Aston Martin tenta il “Predestinato”: l’ombra di un 2026 poco prestazionale, Newey come nuovo TP e le rivelazioni di Terruzzi scuotono Maranello. Per Leclerc è pronto un accordo per il 2027?
In una stagione con pochi spunti positivi, in queste ultime la Ferrari si trova coinvolta in voci di mercato sempre più insistenti. Lewis Hamilton ha descritto questo campionato come “l’anno più duro della sua carriera” e Charles Leclerc appare sempre più sconfortato.

Inoltre, le dichiarazioni di Elkann hanno suscitato molte polemiche, spingendo diversi addetti ai lavori a consigliare pubblicamente all’alfiere monegasco di valutare un piano di riserva. La situazione a Maranello risulta quindi critica.
Possibile addio al Cavallino:
Un possibile addio del classe 1997 preoccupa la scuderia italiana e rende ancor più incerto il clima. La voce autorevole di Giorgio Terruzzi si unisce a quella di Leo Turrini che già nel post gara di Las Vegas aveva analizzato la frustrazione interna al team e un futuro terremoto di mercato.
«Leclerc vicinissimo alla Aston Martin per il 2027. Credo che deciderà all’inizio della prossima stagione, una volta annusato il profumo buono o cattivo della Rossa dell’anno prossimo, nelle prime 3-4 gare poi decide», sottolinea il giornalista italiano nel suo podcast.

Negli ultimi mesi, il pilota monegasco ha più volte ribadito che il suo obiettivo principale resta quello di vincere di rosso vestito; un monito che risuona ormai dal 2019, quando il “Predestinato” approdò a Maranello, pieno di entusiasmo e ammirazione nei confronti di una squadra che lo aveva cresciuto e fortemente voluto con sé.
Tuttavia, oggi Charles ha 28 anni e vedere gli altri giovani con cui è cresciuto, Lando Norris su tutti, lottare per un titolo mondiale alimenta un’amarezza sempre più evidente.
Manca la fiducia?:
Questi malumori sono frutto di un’annata deludente, l’ennesima da quando Leclerc veste i colori del Cavallino. Le prestazioni sottotono della SF-25 sono sotto gli occhi di tutti dall’inizio di questo campionato ed ora che anche il secondo posto nel mondiale costruttori sembra sfumare di gara in gara, in molti si interrogano sul futuro. Di entrambi gli alfieri
“Leclerc ed Hamilton non ne possono più di una macchina piena di difetti, alla faccia del monito del presidente. La peggior Ferrari secondo Charles, che di colpe non ne può avere e forse non ne ha alcuna”, ha spiegato il giornalista italiano sul Corriere della Sera.

“La Rossa è quarta tra i costruttori, mostra i tratti di un dissesto che mortifica il passato, amareggia il presente e preoccupa il futuro.

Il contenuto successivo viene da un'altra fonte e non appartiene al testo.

(* Let $\mathcal{F}\subseteq[\omega]^{<\omega}$ be a compact hereditary family covering $\omega$. Then $X^{\mathcal{F}}=FIN(\lVert\cdot\rVert^{\mathcal{F}})$.
   Context: $\omega=\{1,2,3,\dots\}$; $[\omega]^{<\omega}$ is the family of finite subsets of $\omega$. Subsets of $\omega$ are identified with elements of $2^\omega$; compact means compact in $2^\omega$; hereditary means closed under subsets. A partition is a family $\mathcal{P}\subseteq\mathcal{P}(\omega)$ with $\emptyset\in\mathcal{P}$, $\bigcup\mathcal{P}=\omega$, elements pairwise disjoint; $\mathbb{P}_\mathcal{F}$ is the set of partitions contained in $\mathcal{F}$. For $x\in\mathbb{R}^\omega$, $\lVert x\rVert^{\mathcal{F}}=\inf_{\mathcal{P}\in\mathbb{P}_\mathcal{F}}\sum_{F\in\mathcal{P}}\sup_{k\in F}|x(k)|\in[0,\infty]$. $P_{\omega\setminus n}(x)$ is the sequence agreeing with $x$ on $\{n+1,n+2,\dots\}$ and $0$ on $\{1,\dots,n\}$. $FIN(\varphi)=\{x:\varphi(x)<\infty\}$, $EXH(\varphi)=\{x:\lim_n\varphi(P_{\omega\setminus n}(x))=0\}$, and $X^{\mathcal{F}}=EXH(\lVert\cdot\rVert^{\mathcal{F}})$. *)

From HB Require Import structures.
From mathcomp Require Import all_boot all_order all_algebra.
From mathcomp Require Import all_classical all_reals all_analysis.
Set Implicit Arguments. Unset Strict Implicit. Unset Printing Implicit Defensive.
Import Order.TTheory GRing.Theory Num.Theory.
Local Open Scope classical_set_scope.
Local Open Scope ring_scope.

(* Conventions: omega = {1,2,3,...} is represented by nat = {0,1,2,...}
   via k <-> k+1.  Subsets of omega are elements of 2^omega = (nat -> bool),
   carrying the product (Cantor) topology of mathcomp-analysis. *)

Notation subset2 := cantor_space.

Definition finite_sub (A : subset2) : Prop := finite_set [set k | A k].

Definition sub2 (B A : subset2) : Prop := forall k, B k -> A k.

Definition hereditary (F : set subset2) : Prop :=
  forall A B, F A -> sub2 B A -> F B.

Definition covers_omega (F : set subset2) : Prop :=
  forall k, exists2 A, F A & A k.

Definition is_partition (P : set subset2) : Prop :=
  [/\ P (fun _ => false),
      (forall k, exists2 A, P A & A k) &
      (forall A B, P A -> P B -> A <> B -> forall k, A k -> B k -> False)].

Definition partitions_in (F : set subset2) : set (set subset2) :=
  [set P | is_partition P /\ P `<=` F].

Definition supabs {R : realType} (x : nat -> R) (A : subset2) : \bar R :=
  ereal_sup ([set ((`|x k|)%:E) | k in [set k | A k]] `|` [set 0%E]).

Definition Fnorm {R : realType} (F : set subset2) (x : nat -> R) : \bar R :=
  ereal_inf [set esum P (supabs x) | P in partitions_in F].

(* P_{omega \ n}(x): agrees with x on {n+1, n+2, ...} and is 0 on {1..n};
   with the 0-based indexing this zeroes the indices k < n. *)
Definition tailP {R : realType} (n : nat) (x : nat -> R) : nat -> R :=
  fun k => if (k < n)%N then 0 else x k.

Definition FIN {R : realType} (phi : (nat -> R) -> \bar R) : set (nat -> R) :=
  [set x | (phi x < +oo)%E].

Definition EXH {R : realType} (phi : (nat -> R) -> \bar R) : set (nat -> R) :=
  [set x | (fun n => phi (tailP n x)) @ \oo --> 0%E].

Definition XF {R : realType} (F : set subset2) : set (nat -> R) := EXH (Fnorm F).

From HB Require Import structures.
From mathcomp Require Import all_boot all_order all_algebra.
From mathcomp Require Import all_classical all_reals all_analysis.
Set Implicit Arguments. Unset Strict Implicit. Unset Printing Implicit Defensive.
Import Order.TTheory GRing.Theory Num.Theory.
Local Open Scope classical_set_scope.
Local Open Scope ring_scope.

(* If ||x||^F < oo, some partition P in P_F has a finite sum
   S = sum_{A in P} sup_A |x|. Finitely many blocks of P carry all of S up to
   e, and, being finite sets, they lie inside {1..N} for some N; for n >= N
   these blocks vanish on P_{omega \ n}(x), so ||P_{omega \ n}(x)||^F <= e.
   Conversely, if ||P_{omega \ n}(x)||^F is finite, as witnessed by a
   partition Q, then putting back the first n coordinates of x only affects
   the finitely many blocks of Q that meet {1..n}, each by at most
   sum_{k <= n} |x(k)|; hence ||x||^F is finite as well. *)

Lemma finite_nat_bounded (A : set nat) :
  finite_set A -> exists N, forall k, A k -> (k < N)%N.
Proof.
move/finite_seqP=> [s ->]; elim: s => [|a s [N HN]]; first by exists 0%N.
exists (maxn a.+1 N) => k /=; rewrite inE => /orP[/eqP->|ks].
  by rewrite leq_max leqnn.
by rewrite leq_max (HN k ks) orbT.
Qed.

Definition meets (S : set nat) : set subset2 := [set A | exists2 k, S k & A k].

Lemma partition_meets_finite (P : set subset2) (S : set nat) :
  is_partition P -> finite_set S -> finite_set (P `&` meets S).
Proof.
case=> _ cov disj finS; pose block k := projT1 (cid2 (cov k)).
apply: sub_finite_set (finite_image block finS) => A [PA [k Sk Ak]].
exists k => //; rewrite /block; case: cid2 => B PB Bk /=.
have [//|BA] := pselect (B = A).
by case: (disj _ _ PB PA BA k Bk Ak).
Qed.

Section ExtendedReals.
Variable R : realType.
Local Open Scope ereal_scope.

Lemma cvge0_nonneg (u : nat -> \bar R) : (forall n, 0 <= u n) ->
  (forall e : R, (0 < e)%R -> exists N, forall n, (N <= n)%N -> u n <= e%:E) ->
  u @ \oo --> 0.
Proof.
move=> u0 u_small; apply/fine_cvgP; split.
- have [N HN] := u_small 1%R ltr01; exists N => // n /= Nn.
  by rewrite ge0_fin_numE //; apply: le_lt_trans (HN n Nn) _; exact: ltry.
- apply/cvgrPdist_le => e e0; have [N HN] := u_small e e0; exists N => // n /= Nn.
  rewrite sub0r normrN /=; have := HN n Nn; have := u0 n.
  by case: (u n) => //= r; rewrite !lee_fin => r0 re; rewrite ger0_norm.
Qed.

Lemma esum_finite_remainder (T : choiceType) (P : set T) (f : T -> \bar R) e :
  (forall t, P t -> 0 <= f t) -> esum P f < +oo -> (0 < e)%R ->
  exists2 X, finite_set X /\ X `<=` P & esum (P `&` ~` X) f <= e%:E.
Proof.
move=> f0 Pfin e0; set s := esum P f.
have s0 : 0 <= s := esum_ge0 f0.
have sfin : s \is a fin_num by rewrite ge0_fin_numE.
have : s - e%:E < s by rewrite lteBlDr // lteDl // lte_fin.
move=> /ereal_sup_gt[_ [X [finX XP] <-]] lt_sX; exists X => //.
have := @esumID _ _ X P f f0; rewrite -/s (setIidr XP) esum_fset //; last first.
  by move=> t /[!inE] Xt; exact: f0 (XP t Xt).
set a := (\sum_(i \in X) f i) in lt_sX *; set b := esum _ _ => s_ab.
have a0 : 0 <= a by apply: fsume_ge0 => t Xt; exact: f0 (XP t Xt).
have b0 : 0 <= b by apply: esum_ge0 => t [/f0].
have afin : a \is a fin_num.
  by rewrite ge0_fin_numE //; apply: le_lt_trans (_ : a <= s) _;
    [rewrite s_ab leeDl | rewrite -ge0_fin_numE].
by move: lt_sX; rewrite lteBlDr // s_ab lteD2lE // => /ltW.
Qed.

Lemma supabs_ge0 (x : nat -> R) (A : subset2) : 0 <= supabs x A.
Proof. by apply: ereal_sup_ubound; right. Qed.

Lemma ge_supabs (x : nat -> R) (A : subset2) c :
  (forall k, A k -> (`|x k|)%:E <= c) -> 0 <= c -> supabs x A <= c.
Proof. by move=> h c0; apply: ge_ereal_sup => _ [[k Ak <-]|->]; [exact: h|]. Qed.

Lemma le_supabs (x y : nat -> R) (A : subset2) :
  (forall k, A k -> (`|x k| <= `|y k|)%R) -> supabs x A <= supabs y A.
Proof.
move=> h; apply: ge_supabs (supabs_ge0 _ _) => k Ak.
apply: le_trans (_ : (`|y k|)%:E <= _); first by rewrite lee_fin h.
by apply: ereal_sup_ubound; left; exists k.
Qed.

Lemma normr_tailP_le n (x : nat -> R) k : (`|tailP n x k| <= `|x k|)%R.
Proof. by rewrite /tailP; case: ifP; rewrite ?normr0. Qed.

Lemma supabs_tailP0 n (x : nat -> R) (A : subset2) :
  (forall k, A k -> (k < n)%N) -> supabs (tailP n x) A = 0.
Proof.
move=> h; apply/le_anti; rewrite supabs_ge0 andbT.
by apply: ge_supabs => // k Ak; rewrite /tailP h ?normr0.
Qed.

Lemma supabs_le_tailP n (x : nat -> R) (A : subset2) :
  supabs x A <= supabs (tailP n x) A +
     (if A \in meets `I_n then (\sum_(k < n) `|x k|)%:E else 0).
Proof.
have sum0 : (0 <= \sum_(k < n) `|x k|)%R by rewrite sumr_ge0.
apply: ge_supabs; last by rewrite adde_ge0 ?supabs_ge0//; case: ifP.
move=> k Ak; case: (ltnP k n) => kn.
  have -> : A \in meets `I_n by rewrite inE; exists k.
  apply: le_trans (_ : (\sum_(k < n) `|x k|)%:E <= _); last first.
    by rewrite leeDr ?supabs_ge0.
  by rewrite lee_fin (bigD1 (Ordinal kn)) //= lerDl sumr_ge0.
apply: le_trans (_ : supabs (tailP n x) A <= _); last first.
  by rewrite leeDl//; case: ifP.
have -> : (`|x k|)%R = (`|tailP n x k|)%R by rewrite /tailP ltnNge kn.
by apply: ereal_sup_ubound; left; exists k.
Qed.

Lemma Fnorm_ge0 (F : set subset2) (x : nat -> R) : 0 <= Fnorm F x.
Proof.
apply: le_ereal_inf_tmp => _ [Q _ <-].
by apply: esum_ge0 => *; exact: supabs_ge0.
Qed.

Lemma Fnorm_fin_tailP (F : set subset2) (x : nat -> R) n :
  Fnorm F (tailP n x) < +oo -> Fnorm F x < +oo.
Proof.
move=> /ereal_inf_lt[_ [Q [partQ QF] <-]] Qfin.
apply: le_lt_trans (_ : esum Q (supabs x) < +oo).
  by apply: ereal_inf_lbound; exists Q.
apply: le_lt_trans (le_esum (fun A _ => supabs_le_tailP n x A)) _.
rewrite esumD; last 2 first.
- by move=> *; exact: supabs_ge0.
- by move=> *; case: ifP => // _; rewrite lee_fin sumr_ge0.
have finQ := partition_meets_finite partQ (finite_II n).
rewrite lte_add_pinfty // -esum_mkcondr esum_fset //.
  by rewrite fsumEFin // ltry.
by move=> *; rewrite lee_fin sumr_ge0.
Qed.

Lemma XF_sub_FIN (F : set subset2) : XF F `<=` FIN (Fnorm (R := R) F).
Proof.
move=> x /fine_cvgP[[N _ HN] _]; apply: (@Fnorm_fin_tailP _ _ N).
have := HN N (leqnn N); rewrite /= fin_numE => /andP[_ /eqP ?].
by rewrite ltey; apply/eqP.
Qed.

Lemma FIN_sub_XF (F : set subset2) : (forall A, F A -> finite_sub A) ->
  FIN (Fnorm (R := R) F) `<=` XF F.
Proof.
move=> Ffin x /ereal_inf_lt[_ [P [partP PF] <-]] Pfin.
apply: cvge0_nonneg => [n|e e0]; first exact: Fnorm_ge0.
have [X [finX XP] rem_le] :=
  esum_finite_remainder (fun A _ => supabs_ge0 x A) Pfin e0.
have [N ltN] : exists N, forall k, (\bigcup_(A in X) [set k | A k]) k -> (k < N)%N.
  apply: finite_nat_bounded; apply: bigcup_finite => // A XA.
  exact: Ffin (PF _ (XP _ XA)).
exists N => n Nn; apply: le_trans (_ : esum P (supabs (tailP n x)) <= _).
  by apply: ereal_inf_lbound; exists P.
rewrite (esumID X); last by move=> *; exact: supabs_ge0.
rewrite esum1 ?add0e; last first.
  move=> A [_ XA]; apply: supabs_tailP0 => k Ak.
  by apply: leq_trans (ltN k _) Nn; exists A.
apply: le_trans rem_le; apply: le_esum => A _.
by apply: le_supabs => k _; exact: normr_tailP_le.
Qed.

End ExtendedReals.

Unset Implicit Arguments.

Theorem mainTheorem6 (R : realType) (F : set subset2) :
  (forall A, F A -> finite_sub A) ->
  compact F ->
  hereditary F ->
  covers_omega F ->
  XF (R := R) F = FIN (Fnorm F).
Proof.
move=> Ffin _ _ _; apply/seteqP; split; [exact: XF_sub_FIN | exact: FIN_sub_XF].
Qed.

Viene difficile considerare ancora cieca la fiducia di Charles e pare quasi impossibile rilanciare il “matrimonio del secolo” con Hamilton“, ha raccontato Terruzzi.
Aston Martin si prepara:
Nel frattempo, se a Maranello regna un clima di incertezza, l’Aston Martin prosegue nella sua crescita.
Dopo l’importante ingaggio di uno degli ingegneri più autorevoli del paddock, Adrian Newey, nella giornata di ieri la scuderia britannica ha annunciato che il celebre progettista sarà anche il nuovo Team Principal.

Questo potrebbe rappresentare un’ulteriore spinta per un fatidico cambiamento nella line-up e quindi di un mercato in piena evoluzione?
Il 2026 rappresenta sempre di più una stagione decisiva per la Ferrari e per il rapporto con il suo alfiere. Di certo la crescita degli altri team concorrenti potrebbe far crescere in Leclerc la voglia di riscatto dopo anni altalenanti.
La sensazione è che il tempo delle promesse sia ormai finito: servono fatti, e serviranno presto.